• [WHAT IS NEEDED]: Here is a block of records. Copy every line in it that includes "Import".

'''

(* Consider a tripartite scenario with parties Alice, Bob and Charlie, each having three $\pm1$-valued observables $A_1,A_2,A_3$, $B_1,B_2,B_3$, $C_1,C_2,C_3$ respectively. Define $$\mathcal{I}_{AB}=\langle A_1B_1\rangle-\langle A_1B_2\rangle-\langle A_1B_3\rangle+\langle A_2B_1\rangle+\langle A_2B_2\rangle-\langle A_2B_3\rangle+\langle A_3B_1\rangle+\langle A_3B_2\rangle+\langle A_3B_3\rangle,$$ and let $\mathcal{I}_{AC}$ be the same expression with each $B_j$ replaced by $C_j$. Then $\mathcal{I}_{AB}\le 5$ in any local hidden variable model, the maximal no-signaling value of $\mathcal{I}_{AB}$ is $9$, and every tripartite no-signaling behaviour satisfies the tight monogamy relation $$\mathcal{I}_{AB}+\mathcal{I}_{AC}\le 10 .$$ Moreover, this monogamy relation does not arise from a chordal decomposition of the commutation graph, in the following sense. Let $G$ be the graph on the nine observables in which two observables are adjacent iff they belong to different parties, and regard the left-hand side $\mathcal{I}_{AB}+\mathcal{I}_{AC}$ as a set of $18$ signed terms $s\,\langle XY\rangle$ with $s\in\{\pm1\}$ and $\{X,Y\}$ an edge of $G$. There is no partition of these $18$ terms into groups $T_1,\dots,T_r$ such that, with $S_j$ the set of observables occurring in the terms of $T_j$, every induced subgraph $G[S_j]$ is chordal and $$\sum_{j=1}^r\ \max_{x\in\{\pm1\}^{S_j}}\ \sum_{s\langle XY\rangle\in T_j} s\,x_Xx_Y=10 .$$
   Context: A no-signaling behaviour is a family of joint distributions of the outcomes of $(A_i,B_j,C_k)$ for all inputs $i,j,k$, such that the marginal distribution of any subset of the parties does not depend on the inputs of the remaining parties; $\langle XY\rangle$ is the expectation of the product of the outcomes. ''Tight'' means the bound $10$ is attained by some no-signaling behaviour. A graph is chordal if every cycle of length at least four has a chord, i.e. an edge joining two non-consecutive vertices of the cycle. *)

From HB Require Import structures.
From mathcomp Require Import all_boot all_order all_algebra.
Set Implicit Arguments. Unset Strict Implicit. Unset Printing Implicit Defensive.
Import Order.TTheory GRing.Theory Num.Theory.
Local Open Scope ring_scope.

'''

• [ANSWER BELOW]:
From HB Require Import structures.
From mathcomp Require Import all_boot all_order all_algebra.
Import Order.TTheory GRing.Theory Num.Theory.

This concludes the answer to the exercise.